Lundi, Wendell Flinchum, le chef de la police du campus, a rapporté que les premiers tirs avaient semblé une affaire « personnelle », ce qui expliquerait que les autorités n'aient pas immédiatement fermé l'établissement.


Le tireur, décrit comme un jeune homme de type asiatique, ne portait pas de papiers sur lui et, aux premières heures de la journée de mardi, la police ne l'avait pas identifié publiquement.
Les seules indications étaient celles du Chicago Sun Times sur un étudiant chinois.


Une étudiante, Erin Sheehan, a raconté comment elle avait échappé à la mort lorsque l'homme avait pénétré à deux reprises dans sa classe.
Il paraissait très minutieux, abattant pratiquement tout le monde.

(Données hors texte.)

Lemma binom_mean_cov_split n p (u v d : nat -> R) u0 v0 a b :
  binom_mean n p d = 0 ->
  binom_mean n p (fun k => u k * v k) - binom_mean n p u * binom_mean n p v
  - binom_mean n p (fun k => d k ^ 2) * a * b
  = binom_mean n p (fun k => (u k - u0) * (v k - v0) - a * b * d k ^ 2)
    - binom_mean n p (fun k => u k - u0 - a * d k)
      * binom_mean n p (fun k => v k - v0 - b * d k).
Proof.
  intro Hd.
  rewrite (binom_mean_ext _ _ (fun k => (u k - u0) * (v k - v0) - a * b * d k ^ 2)
             (fun k => u k * v k + (- v0 * u k + (- u0 * v k + (- (a * b) * d k ^ 2 + u0 * v0)))))
    by (intros; ring).
  rewrite (binom_mean_ext _ _ (fun k => u k - u0 - a * d k) (fun k => u k + (- a * d k + - u0)))
    by (intros; ring).
  rewrite (binom_mean_ext _ _ (fun k => v k - v0 - b * d k) (fun k => v k + (- b * d k + - v0)))
    by (intros; ring).
  rewrite !binom_mean_plus, !binom_mean_scal, !binom_mean_const, Hd. ring.
Qed.

Lemma grid_in_unit n k : (1 <= n)%nat -> (k <= n)%nat -> 0 <= INR k / INR n <= 1.
Proof.
  intros Hn Hk. assert (HN : 0 < INR n) by (apply lt_0_INR; lia).
  split; [apply Rdiv_le_0_compat; [apply pos_INR | exact HN]|].
  apply Rle_div_l; [exact HN|]. rewrite Rmult_1_l. now apply le_INR.
Qed.

Lemma binom_mean_taylor_first_order_le f x n : C3 f -> 0 <= x <= 1 -> (1 <= n)%nat ->
  Rabs (binom_mean n x (fun k => f (INR k / INR n) - f x - Derive f x * (INR k / INR n - x)))
  <= unorm (Derive_n f 2) / 2 * (x * (1 - x) / INR n).
Proof.
  intros Hf Hx Hn. rewrite <- binom_mean_grid_sq, <- binom_mean_scal by exact Hn.
  apply binom_mean_abs_bound; [exact Hx|]. intros k Hk.
  now apply taylor_first_order_le, grid_in_unit.
Qed.

Lemma binom_mean_taylor_product_le f g x n : C3 f -> C3 g -> 0 <= x <= 1 -> (1 <= n)%nat ->
  Rabs (binom_mean n x (fun k => (f (INR k / INR n) - f x) * (g (INR k / INR n) - g x)
                                 - Derive f x * Derive g x * (INR k / INR n - x) ^ 2))
  <= norm3 f g / 3 * (x * (1 - x) / (INR n * sqrt (INR n))).
Proof.
  intros Hf Hg Hx Hn.
  assert (HK := norm3_ge0 f g Hf Hg).
  eapply Rle_trans.
  - apply (binom_mean_abs_bound _ _ _ (fun k => norm3 f g / 6 * Rabs (INR k / INR n - x) ^ 3));
      [exact Hx|].
    intros k Hk. now apply taylor_product_centered_le, grid_in_unit.
  - assert (0 < sqrt (INR n)) by (apply sqrt_lt_R0, lt_0_INR; lia).
    assert (0 < INR n) by (apply lt_0_INR; lia).
    rewrite binom_mean_scal.
    replace (norm3 f g / 3 * _)
      with (norm3 f g / 6 * (2 * (x * (1 - x)) / (INR n * sqrt (INR n))))
      by (field; lra).
    apply Rmult_le_compat_l; [lra|]. now apply binom_mean_grid_abs_cube_le.
Qed.

Lemma error_combine_le n q K M e a b : (1 <= n)%nat -> 0 <= q <= 1 / 4 ->
  0 <= K -> 0 <= M ->
  Rabs e <= K / 3 * (q / (INR n * sqrt (INR n))) -> Rabs a * Rabs b <= M / 4 * (q / INR n) ^ 2 ->
  INR n * Rabs (e - a * b) <= q * (1 / sqrt (INR n)) * (K + M).
Proof.
  intros Hn Hq HK HM He Hab.
  assert (HN : 1 <= INR n) by (apply (le_INR 1); lia).
  assert (Htri := Rabs_triang e (- (a * b))).
  rewrite Rabs_Ropp, Rabs_mult in Htri.
  set (s := sqrt (INR n)) in *.
  assert (Hs : 0 < s) by (apply sqrt_lt_R0; lra).
  assert (Hss : s * s = INR n) by (apply sqrt_sqrt; lra).
  assert (Hs1 : 1 <= s) by nra.
  rewrite <- Hss in He, Hab |- *.
  apply Rle_trans with (s * s * (K / 3 * (q / (s * s * s)) + M / 4 * (q / (s * s)) ^ 2)).
  { apply Rmult_le_compat_l; [nra|].
    exact (Rle_trans _ _ _ Htri (Rplus_le_compat _ _ _ _ He Hab)). }
  replace (s * s * _) with (q / s * (K / 3 + M * (q / (4 * s)))) by (field; lra).
  replace (q * (1 / s) * (K + M)) with (q / s * (K + M)) by (field; lra).
  apply Rmult_le_compat_l; [apply Rdiv_le_0_compat; lra|].
  assert (q / (4 * s) <= 1) by (apply Rle_div_l; lra).
  nra.
Qed.

Theorem corollary2p2 :
  exists C : R, 0 < C /\
  forall (f g : R -> R) (x : R) (n : nat),
    C3 f -> C3 g -> 0 <= x <= 1 -> (1 <= n)%nat ->
    INR n * Rabs (bernstein n (fun t => f t * g t) x
                  - bernstein n f x * bernstein n g x
                  - x * (1 - x) / INR n * Derive f x * Derive g x)
    <= C * (x * (1 - x)) * (1 / sqrt (INR n)) *
       (unorm (Derive_n (fun t => f t * g t) 3)
        + unorm (Derive_n f 2) * unorm (Derive_n g 2)
        + unorm g * unorm (Derive_n f 3)
        + unorm f * unorm (Derive_n g 3)).
Proof.
  exists 1. split; [lra|]. intros f g x n Hf Hg Hx Hn.
  assert (HN : 0 < INR n) by (apply lt_0_INR; lia).
  rewrite !bernstein_binom_mean, <- (binom_mean_grid_sq n x Hn).
  rewrite (binom_mean_cov_split n x _ _ (fun k => INR k / INR n - x) (f x) (g x) _ _
             (binom_mean_grid_dev n x Hn)).
  replace (1 * (x * (1 - x)) * _ * _) with
    (x * (1 - x) * (1 / sqrt (INR n)) *
     (norm3 f g + unorm (Derive_n f 2) * unorm (Derive_n g 2))) by (unfold norm3; ring).
  apply error_combine_le; auto using norm3_ge0, binom_mean_taylor_product_le.
  - pose proof (pow2_ge_0 (x - 1 / 2)). split; nra.
  - apply Rmult_le_pos; apply C3_unorm_ge0; auto.
  - replace (_ / 4 * _) with ((unorm (Derive_n f 2) / 2 * (x * (1 - x) / INR n))
                               * (unorm (Derive_n g 2) / 2 * (x * (1 - x) / INR n)))
      by (field; lra).
    apply Rmult_le_compat; auto using Rabs_pos, binom_mean_taylor_first_order_le.
Qed.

La police n'a procédé à aucune interpellation, mais a interrogé une personne. Deux armes ont été retrouvées, des revolvers, et des analyses balistiques devraient permettre d'en savoir plus.
Le président Bush a déclaré que le pays était sous le choc et partageait « le chagrin de ceux qui ont perdu des êtres chers ». Les écoles devraient être des « sanctuaires », a-t-il ajouté.
Les deux chambres du Congrès ont observé une minute de silence. Ce nouveau massacre de jeunes gens a relancé une énième fois le débat aux Etats-Unis sur la sécurité dans les établissements scolaires et sur l'accès aux armes à feu.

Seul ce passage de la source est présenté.